Under the supervision and with the participation of our management, including our principal
executive officer and principal financial officer, we conducted an evaluation of any changes in our
internal control over financial reporting (as such term is defined in Rules 13a-15(f) and 15d-15(f) under
the Exchange Act) that occurred during our most recently completed fiscal quarter. Based on that
evaluation, our principal executive officer and principal financial officer concluded that there has not
been any change in our internal control over financial reporting during that quarter that has materially
affected, or is reasonably likely to materially affect, our internal control over financial reporting.
See Management’s Report on Internal Control over Financial Reporting and the Report of
Independent Registered Public Accounting Firm on our internal control over financial reporting in
Item 8, which are incorporated herein by reference.
ITEM 9B. Other Information.
The disclosure below is included in this report in lieu of filing a Current Report on Form 8-K to
report events that have occurred within four business days prior to the filing of this report.

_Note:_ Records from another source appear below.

(* Let $N'$ be a positive integer. For every integer $c$ with $1\le c\le 2N'-1$ and every $s\in\mathbb{C}$ with $\Re(s)>2$, $$\zeta(-c,s+c)=\sum_{d=1}^{N'}\frac{a_{c+1,d}}{2}\,T(-d+1,-d+1;s+2d-2).$$
   Context: For $\Re(s)>2$ and an integer $c\ge0$, $\zeta(-c,s+c)=\sum_{1\le n_1<n_2} n_1^{c}n_2^{-s-c}=\sum_{m,n\ge1}m^c(m+n)^{-s-c}$ (Euler–Zagier double zeta function). $T(s_1,s_2;s):=\sum_{m,n\ge1} m^{-s_1}n^{-s_2}(m+n)^{-s}$ is the Tornheim double zeta function. $(a_{c,d})_{c,d\ge1}$ are the integers defined by: $a_{c,1}=1$ for $c\ge1$; $a_{1,d}=a_{2,d}=0$ for $d\ge2$; $a_{3,2}=-2$ and $a_{3,d}=0$ for $d\ge3$; and $a_{c+2,d+1}=a_{c+1,d+1}-a_{c,d}$ for $c\ge2$, $d\ge1$. *)

From Stdlib Require Import Reals ZArith.
From Coquelicot Require Import Coquelicot.
Open Scope R_scope.

(* n^s := exp(s log n) for a positive integer n and complex s *)
Definition npow (n : nat) (s : C) : C :=
  let L := ln (INR n) in
  (exp (Re s * L) * cos (Im s * L), exp (Re s * L) * sin (Im s * L)).

Definition CSeries (a : nat -> C) : C :=
  (Series (fun k => Re (a k)), Series (fun k => Im (a k))).

(* Tornheim double zeta: T(s1,s2;s) = sum_{m,n>=1} m^{-s1} n^{-s2} (m+n)^{-s} *)
Definition Tornheim (s1 s2 s : C) : C :=
  CSeries (fun m => CSeries (fun n =>
    (npow (S m) (- s1) * npow (S n) (- s2) * npow (S m + S n) (- s))%C)).

(* Euler-Zagier double zeta: zeta(s1,s2) = sum_{1<=n1<n2} n1^{-s1} n2^{-s2}
   = sum_{m,n>=1} m^{-s1} (m+n)^{-s2} *)
Definition EZzeta2 (s1 s2 : C) : C :=
  CSeries (fun m => CSeries (fun n =>
    (npow (S m) (- s1) * npow (S m + S n) (- s2))%C)).

(* the integers a_{c,d} (c,d >= 1); values at index 0 are irrelevant (set 0) *)
Fixpoint acoef (c : nat) : nat -> Z :=
  match c with
  | 0%nat => fun _ => 0%Z
  | 1%nat | 2%nat => fun d => match d with 1%nat => 1%Z | _ => 0%Z end
  | 3%nat => fun d => match d with 1%nat => 1%Z | 2%nat => (-2)%Z | _ => 0%Z end
  | S ((S ((S (S _)) as c2)) as c3) => fun d =>
      match d with
      | 0%nat => 0%Z
      | 1%nat => 1%Z
      | S d' => (acoef c3 (S d') - acoef c2 d')%Z
      end
  end.

From Stdlib Require Import Reals ZArith Lra Lia.
From Coquelicot Require Import Coquelicot.
Open Scope R_scope.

On December 11, 2011, the HR and Compensation Committee (the ‘‘Committee’’) of the HP
Board of Directors amended and restated the Hewlett-Packard Company Severance Plan for Executive
Officers (the ‘‘Severance Plan’’). The amendments, which are effective for terminations occurring after
November 1, 2011, (i) clarify that only annual bonuses, and not one-time bonuses, are included in the
calculation of cash severance benefits, (ii) provide for severance payments to be made in periodic
installments subject to continued compliance with post-employment protective covenants, rather than in
a lump sum, (iii) provide for pro-rata vesting on unvested equity awards if the executive officer has
worked at least 25% of the applicable vesting or performance period and any applicable performance
conditions have been satisfied, (iv) provide for a pro-rated annual bonus, in the discretion of the
Committee, for the fiscal year in which the termination occurs, and (v) provide for payment or
reimbursement of premiums for continued medical coverage for a period of up to 18 months for an
executive officer and his or her eligible dependents. The Severance Plan is attached as hereto as
Exhibit 10(f)(f)(f) and is incorporated herein by reference.